Без сомнения, они удивляются и тому, что сам король продолжает время от времени советоваться со мною, пренебрегая даже своим королевским советом. Знай они, что их христианнейший, благочестивейший правитель Карл верит, что сны могут указывать верный путь в будущее, они удивились бы еще сильнее. Он спрашивает моих советов потому, что я давно уже известен как толкователь снов и сновидец. И все же мне все меньше и меньше хочется давать Его Величеству четкие ответы. Из опыта я усвоил, что, хотя сны редко обманывают, они могут указывать на ложный путь. И когда истина в конце концов раскрывается, потрясение бывает еще сильнее. В год, предшествовавший Испанской кампании, я видел во сне, как гигантский Карл, сидевший на своем боевом коне, плакал кровавыми слезами. Я не имел никакого представления о том, что это было предзнаменование потери трети его армии и гибели в этой самой злокозненной засаде его любимого племянника и моего покровителя графа Хруодланда. И даже если бы я предвидел то, что должно было свершиться, изменить будущее я все равно не смог бы.
Так что, когда сновидение позволяет мне заглянуть краем глаза в будущее, благоразумнее всего бывает придержать язык.
Но и обращение к прошлому требует таких же предосторожностей. История, которую я намереваюсь записать, касается событий не только секретных, но и сохраненных в тайне от Карла, пребывавшего тогда здесь, в Ахене. Узнай он о том, что я скрыл от него, меня, несомненно, ждет немилость. Вот почему я решил придать своим записям форму заметок о путешествии в отдаленные малоизвестные страны. И поэтому положил на стол, на видное место, белый, как кость, черепок с неровными обломанными краями. Народ опасается приближаться к обломкам черепов. Хотя мой-то обломок – совсем не то, чем кажется! Зато он оберегает исписанные мною листы от нескромных глаз.
Глава 1
Скандинавия
Я лежал ничком на сырой земле, стараясь не обращать внимания на дергающую боль в левом плече. Рана, оставленная васконским копьем, вполне зажила, оставив лишь рельефный шрам, но смена времен года неизменно пробуждала глубоко затаившуюся боль. А влага, постепенно впитывавшаяся из листьев в одежду, еще сильнее усугубляла мое и без того неприятное положение. Ни звука, лишь стук капель да журчание струек воды, изредка сбегавших из дубовых крон, которые непрерывно поливал мелкий моросящий дождь, нарушали тишину.

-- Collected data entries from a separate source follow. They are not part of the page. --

Lemma phi_xm_gt_below_p (x : R) : 0 < x -> x < p -> xm <= f x -> x < f xm.
Proof.
  intros hx hxp hfx. pose proof p_pos.
  destruct (phi_xm_preimage x hx ltac:(lra) hfx) as [z [hz hfz]]. rewrite <- hfz.
  destruct (Rtotal_order z p) as [hzp | [-> | hzp]].
  - pose proof (g_gt_id_below_p z ltac:(lra) hzp). lra.
  - rewrite phi_p, phi_q. exact hxp.
  - assert (f z < f p) by (apply phi_decreasing_left; lra). rewrite phi_p, hfz in H0. lra.
Qed.

Lemma phi_step_low (x : R) : p <= x -> x < tbar -> tbar < f x <= q.
Proof.
  intros. pose proof p_pos. split; [apply phi_gt_tbar_below; lra|].
  rewrite <- phi_p. apply phi_nonincreasing_left; lra.
Qed.

Lemma phi_step_high (x : R) : tbar < x -> x <= q -> p <= f x < tbar.
Proof.
  intros. split; [rewrite <- phi_q; apply phi_nonincreasing_left; lra|].
  apply phi_lt_tbar_above; lra.
Qed.

Lemma converges_2cycle_of_visit (t : nat -> R) :
  positive_solution f t -> (forall n, t n <> tbar) -> (exists n, p <= t n <= q) ->
  converges_to_2cycle t p q.
Proof.
  intros ht hne [n hn]. pose proof p_pos. pose proof ht as [_ hs].
  assert (hN : exists N, p <= t N < tbar).
  { destruct (Rtotal_order (t n) tbar) as [hlt | [E | hgt]];
      [exists n; lra | destruct (hne n E) |].
    exists (S n). rewrite hs. apply phi_step_high; lra. }
  destruct hN as [N hN].
  set (e := fun k => t (N + 2 * k)%nat).
  assert (hes : forall k, e (S k) = g (e k)).
  { intros k. unfold e. replace (N + 2 * S k)%nat with (S (S (N + 2 * k))) by lia.
    rewrite !hs. reflexivity. }
  assert (hinv : forall k, p <= e k < tbar).
  { induction k as [|k IH]; [unfold e; rewrite Nat.add_0_r; exact hN|].
    rewrite hes. destruct (phi_step_low (e k)) as [hl1 hl2]; try lra.
    apply phi_step_high; lra. }
  assert (hdec : forall k, e (S k) <= e k).
  { intros k. rewrite hes. destruct (proj1 (hinv k)) as [hlt | <-].
    - left. apply g_lt_id_between; [exact hlt | apply hinv].
    - rewrite phi_p, phi_q. lra. }
  destruct (Un_cv_decreasing_bounded e p hdec (fun k => proj1 (hinv k))) as [L [hL [hLp hLe]]].
  assert (L = p).
  { assert (hgL : g L = L).
    { apply (Un_cv_orbit_fixpoint (fun x => g x) e L hL hes). apply g_continuous. lra. }
    pose proof (hLe O). pose proof (hinv O).
    destruct (g_fixpoints L ltac:(lra) hgL) as [-> | [-> | ->]]; lra. }
  subst L. apply (converges_to_2cycle_of_shift t p q N hL).
  apply (Un_cv_ext (fun k => f (e k))).
  { intros k. unfold e. rewrite Nat.add_1_r. symmetry. apply hs. }
  rewrite <- phi_p. apply continuity_seq; [apply phi_continuous; lra | exact hL].
Qed.

Section Avoiding.
Variable t : nat -> R.
Hypothesis ht : positive_solution f t.
Hypothesis hout : forall n, ~ (p <= t n <= q).

Lemma avoiding_lt_p (n : nat) : t n < tbar -> t n < p.
Proof. intros h. apply Rnot_le_lt. intros hp. apply (hout n). lra. Qed.

Lemma avoiding_gt_q (n : nat) : tbar <= t n -> q < t n.
Proof. intros h. apply Rnot_le_lt. intros hq. apply (hout n). lra. Qed.

Lemma avoiding_frequently_below : frequently_below t tbar.
Proof.
  destruct (frequently_below_or_eventually_ge t tbar) as [h | [N hN]]; [exact h|]. exfalso.
  assert (q <= tbar).
  { apply (Un_cv_ge_bound (fun n => t (n + N)%nat)).
    - apply CV_shift', (converges_of_eventually_ge t N ht hN).
    - intros n. left. apply avoiding_gt_q, hN. lia. }
  lra.
Qed.

Hypothesis ht0 : t O < tbar.

Lemma avoiding_last_below_cv : Un_cv (last_below t) p.
Proof.
  apply (last_below_cv p (Rlt_le _ _ hpt) g_gt_id_below_p phi_xm_gt_below_p t ht ht0
           avoiding_lt_p avoiding_frequently_below).
Qed.

(* Above [tbar] the solution stays below [phi (last_below t)], which tends to [q], and
   [phi] maps a neighbourhood of [q] below [tbar]. *)
Lemma avoiding_eventually_alternates :
  exists N, forall n, (N <= n)%nat -> tbar < t n -> t (S n) < tbar.
Proof.
  pose proof p_pos. pose proof ht as [_ hs].
  destruct (continuity_pt_locally_lt f q tbar) as [e [he hloc]];
    [apply phi_continuous; lra | rewrite phi_q; exact hpt |].
  destruct (Un_cv_eventually_lt (fun n => f (last_below t n)) q (q + e)) as [N hN];
    [| lra |].
  { rewrite <- phi_p. apply continuity_seq; [apply phi_continuous; lra | apply avoiding_last_below_cv]. }
  exists N. intros n hn htn. rewrite hs. apply hloc.
  pose proof (avoiding_gt_q n ltac:(lra)). specialize (hN n hn).
  pose proof (trapped_by_last_below p (Rlt_le _ _ hpt) g_gt_id_below_p phi_xm_gt_below_p
                t ht ht0 avoiding_lt_p n n (le_n n)).
  apply Rabs_def1; lra.
Qed.

Lemma avoiding_converges_2cycle :
  exists N, Un_cv (fun k => t (N + 2 * k)%nat) p /\ Un_cv (fun k => t (N + 2 * k + 1)%nat) q.
Proof.
  pose proof p_pos. pose proof ht as [_ hs]. pose proof (positive_solution_pos t ht) as hpos.
  destruct avoiding_eventually_alternates as [N1 halt].
  assert (hM : exists M, (N1 <= M)%nat /\ t M < tbar).
  { destruct (avoiding_frequently_below N1) as [M hM]. exists M. exact hM. }
  destruct hM as [M [hM1 hM2]].
  assert (hev : forall k, t (M + 2 * k)%nat < tbar).
  { induction k as [|k IH]; [rewrite Nat.add_0_r; exact hM2|].
    replace (M + 2 * S k)%nat with (S (S (M + 2 * k))) by lia.
    apply halt; [lia|]. rewrite hs. apply phi_gt_tbar_below; [apply hpos | exact IH]. }
  assert (hcv : Un_cv (fun k => t (M + 2 * k)%nat) p).
  { apply (Un_cv_ext (fun k => last_below t (M + 2 * k)%nat)).
    - intros k. apply last_below_eq, hev.
    - apply Un_cv_arith_subseq, avoiding_last_below_cv. }
  exists M. split; [exact hcv|].
  apply (Un_cv_ext (fun k => f (t (M + 2 * k)%nat))).
  - intros k. rewrite Nat.add_1_r. symmetry. apply hs.
  - rewrite <- phi_p. apply continuity_seq; [apply phi_continuous; lra | exact hcv].
Qed.

End Avoiding.

Lemma converges_2cycle_of_avoid (t : nat -> R) :
  positive_solution f t -> (forall n, ~ (p <= t n <= q)) -> converges_to_2cycle t p q.
Proof.
  intros ht hout.
  destruct (avoiding_frequently_below t ht hout O) as [N0 [_ hN0]].
  set (t' := fun n => t (n + N0)%nat).
  destruct (avoiding_converges_2cycle t' (positive_solution_shift t N0 ht)
              (fun n => hout (n + N0)%nat) hN0) as [M [hp hq]].
  apply (converges_to_2cycle_of_shift t p q (M + N0)).
  - apply (Un_cv_ext (fun k => t' (M + 2 * k)%nat)); [|exact hp]. intros k. unfold t'. f_equal. lia.
  - apply (Un_cv_ext (fun k => t' (M + 2 * k + 1)%nat)); [|exact hq]. intros k. unfold t'. f_equal. lia.
Qed.

Lemma converges_2cycle_or_tbar (t : nat -> R) :
  positive_solution f t ->
  (~ in_preimage_set f tbar (t O) -> converges_to_2cycle t p q) /\
  (in_preimage_set f tbar (t O) -> Un_cv t tbar).
Proof.
  intros ht. pose proof (positive_solution_pos t ht) as hpos. pose proof ht as [_ hs]. split.
  - intros hS. assert (hne : forall n, t n <> tbar).
    { intros n E. apply hS. split; [apply hpos|]. exists n. rewrite (positive_solution_iter f t ht). exact E. }
    destruct (classic (exists n, p <= t n <= q)) as [h | h].
    + apply converges_2cycle_of_visit; assumption.
    + apply converges_2cycle_of_avoid; [exact ht|]. intros n hn. apply h. exists n. exact hn.
  - intros [_ [n hn]]. rewrite (positive_solution_iter f t ht) in hn.
    assert (hconst : forall m, t (m + n)%nat = tbar).
    { induction m as [|m IH]; [exact hn|]. simpl. rewrite hs, IH. exact hfix. }
    apply (converges_of_eventually_ge t n ht). intros k hk.
    replace k with ((k - n) + n)%nat by lia. rewrite hconst. lra.
Qed.
End TwoCycle.
End Equilibrium.
End Phi.

Lemma Qpoly_pos_right_of_neg_root (a b c d cm : R) :
  0 < a -> 0 < b -> 0 < d -> cm < 0 ->
  (forall y, y < 0 -> Qpoly a b d y = 0 -> y = cm) -> cm < c -> c < 0 ->
  0 < Qpoly a b d c.
Proof.
  intros ha hb hd hcm hroot hcmc hc.
  assert (hQ0 : 0 < Qpoly a b d 0).
  { unfold Qpoly. assert (0 < a ^ 2 * d ^ 2) by (apply Rmult_lt_0_compat; apply pow_lt; lra).
    assert (0 < d * b ^ 3) by (apply Rmult_lt_0_compat; [|apply pow_lt]; lra). nra. }
  destruct (Rlt_dec 0 (Qpoly a b d c)) as [| hn]; [assumption|]. exfalso.
  destruct (Req_dec (Qpoly a b d c) 0) as [E | E]; [pose proof (hroot c hc E); lra|].
  destruct (IVT_interv (Qpoly a b d) c 0) as [y [hy hQy]]; try lra.
  - intros y hy. unfold Qpoly. reg.
  - destruct (Req_dec y 0) as [-> | hy0]; [lra|].
    pose proof (hroot y ltac:(destruct hy as [_ [? | ?]]; [lra | contradiction]) hQy). lra.
Qed.

Theorem theorem6 (a b c d cm tbar : R) :
  0 < a -> 0 < b -> 0 < d ->
  cm < 0 -> Qpoly a b d cm = 0 ->
  (forall y, y < 0 -> Qpoly a b d y = 0 -> y = cm) ->
  cm < c -> c < - sqrt (3 * b * d) ->
  is_equilibrium (phi a b c d) tbar ->
  (forall t, is_equilibrium (phi a b c d) t -> t = tbar) ->
  tbar < x_m b c d ->
  let f := phi a b c d in
  let xm := x_m b c d in
  let xM := x_M b c d in
  let c1 := - (2 * sqrt (b * d)) in
  let eta := - d * xm / (c * xm + 2 * d) in
  let inI := fun x => f xm <= x <= iter 2 f xm in
  ((c <= c1 \/ (c1 < c /\ iter 2 f xm <= eta)) ->
     (forall x, inI x -> inI (f x))) /\
  (c <= c1 ->
     forall t : nat -> R, positive_solution f t ->
       exists N : nat, forall n : nat, (N <= n)%nat -> inI (t n)) /\
  ((forall p q, ~ is_2cycle f p q) ->
     forall t : nat -> R, positive_solution f t -> Un_cv t tbar) /\
  (forall p q,
     is_2cycle f p q ->
     (forall p' q', is_2cycle f p' q' -> (p' = p /\ q' = q) \/ (p' = q /\ q' = p)) ->
     p < tbar -> tbar < q -> q <= xm ->
     (tbar < - d * xM / (c * xM + 2 * d) ->
        forall t, in_preimage_set f tbar t <-> t = tbar) /\
     (forall t : nat -> R, positive_solution f t ->
        (~ in_preimage_set f tbar (t O) -> converges_to_2cycle t p q) /\
        (in_preimage_set f tbar (t O) -> Un_cv t tbar))).
Proof.
  intros ha hb hd hcm _ hcmu hcmc hcs [htb hfix] huq htm f xm xM c1 eta inI.
  pose proof (sqrt_pos (3 * b * d)). pose proof (sqrt_pos (b * d)).
  assert (sqrt (3 * b * d) * sqrt (3 * b * d) = 3 * b * d) by (apply sqrt_sqrt; nra).
  assert (sqrt (b * d) * sqrt (b * d) = b * d) by (apply sqrt_sqrt; nra).
  assert (hc : c < 0) by lra.
  assert (hc3 : 3 * b * d < c ^ 2) by nra.
  assert (hQ : 0 < Qpoly a b d c) by (apply (Qpoly_pos_right_of_neg_root a b c d cm); auto).
  assert (huniq : forall t, 0 < t -> f t = t -> t = tbar) by (intros; apply huq; split; auto).
  unfold inI, iter. simpl Nat.iter. subst f xm xM c1 eta inI.
  split; [|split; [|split]].
  - intros hH. apply (interval_invariant a b c d hb hd hc hc3 ha hQ tbar); auto.
    intros x hx hxI. destruct hH as [hH | [hH hxeta]].
    + apply phi_ge_xm_of_four_bd_le; auto. nra.
    + apply phi_ge_xm_below_eta; auto; [nra | lra].
  - intros hH. apply (eventually_in_interval a b c d hb hd hc hc3 ha hQ tbar); auto. nra.
  - apply (converges_of_no_2cycle a b c d hb hd hc hc3 ha hQ tbar); auto.
  - intros p q hcyc hcu hpt htq hqm. split.
    + apply (preimage_set_trivial a b c d hb hd hc hc3 ha hQ tbar); auto.
    + apply (converges_2cycle_or_tbar a b c d hb hd hc hc3 ha hQ tbar); auto.
Qed.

Хотя время уже склонялось к полудню, в лесу, под высокими деревьями, было мрачно и промозгло. Буйная весенняя листва не пропускала солнечный свет, и воздух внизу, под деревьями, был насыщен запахом прели. Прямо передо мною, над полянкой шагов тридцати в поперечнике, открывалось небо. Когда пробегающие по нему тучи открывали солнечный лик, на свежей траве ярко блестели дождевые капли, придававшие ей особенно чистый, манящий вид. Но впечатление было обманным. Середины у поляны просто не было. В середине была яма длиной в десять шагов и шириной в пять, а глубиной в рост высокого человека, с отвесными краями, которую покрывали набросанные крест-накрест тонкие ивовые прутья. А поверх них лежала сплетенная из таких же прутьев легкая крышка-решетка. На нее землекопы насыпали тонкий слой почвы, имитировавший твердую землю. А точно в центре крышки-ловушки лежала кучка покрытых свежей листвой веток, срезанных с кустов, которые считались любимым лакомством зверя, – приманка.
Очень медленно я поднял голову и посмотрел налево. На расстоянии вытянутой руки от меня устроился Вульфард, главный королевский егерь. В кожаных шоссах и камзоле, окрашенных в цвет жухлой травы и вдобавок перепачканных грязью, он был почти незаметен в облюбованной им неглубокой впадинке. Даже его закаленное непогодами и потемневшее от постоянного пребывания на открытом воздухе лицо цветом почти не отличалось от прошлогодней палой листвы. Голова с коротко стриженными седеющими волосами была непокрыта, темно-зеленая шляпа с одним-единственным орлиным пером лежала рядом. Почувствовав мое движение, он обернулся. Светло-карие глаза блеснули желтым, как у хитрого лисовина, а каменное выражение лица ясно дало понять, что мне надлежит хранить полную неподвижность так долго, как он сочтет нужным. Иначе пойдут прахом две недели, которые мы затратили на подготовку к охоте на зверя: поиск наилучшего места для ловушки, яма, которую пришлось выкопать с поистине умопомрачительной скоростью, огромная куча земли, которую пришлось отнести далеко в сторону, и, наконец, тщательная уборка всех следов пребывания здесь людей. Рабочие закончили свои дела перед самым рассветом и сразу же покинули эту отдаленную часть леса. После их ухода Вульфард прикинул вероятное направление утреннего ветерка, а потом разместил на поляне наблюдателей. Всего нас было трое. Мы с Вульфардом расположились с наветренной стороны, а его сын Вало – справа от нас на расстоянии броска камня. Оттуда он мог наблюдать за направлением, с которого мы ожидали появления зверя. Вало должен был отпугивать всех крупных зверей, которые могли бы провалиться в нашу ловчую яму. Мы вовсе не хотели, чтобы сквозь хлипкую крышку провалился олень или кабан. Нам нужна была только одна добыча: сам зверь, или ничего.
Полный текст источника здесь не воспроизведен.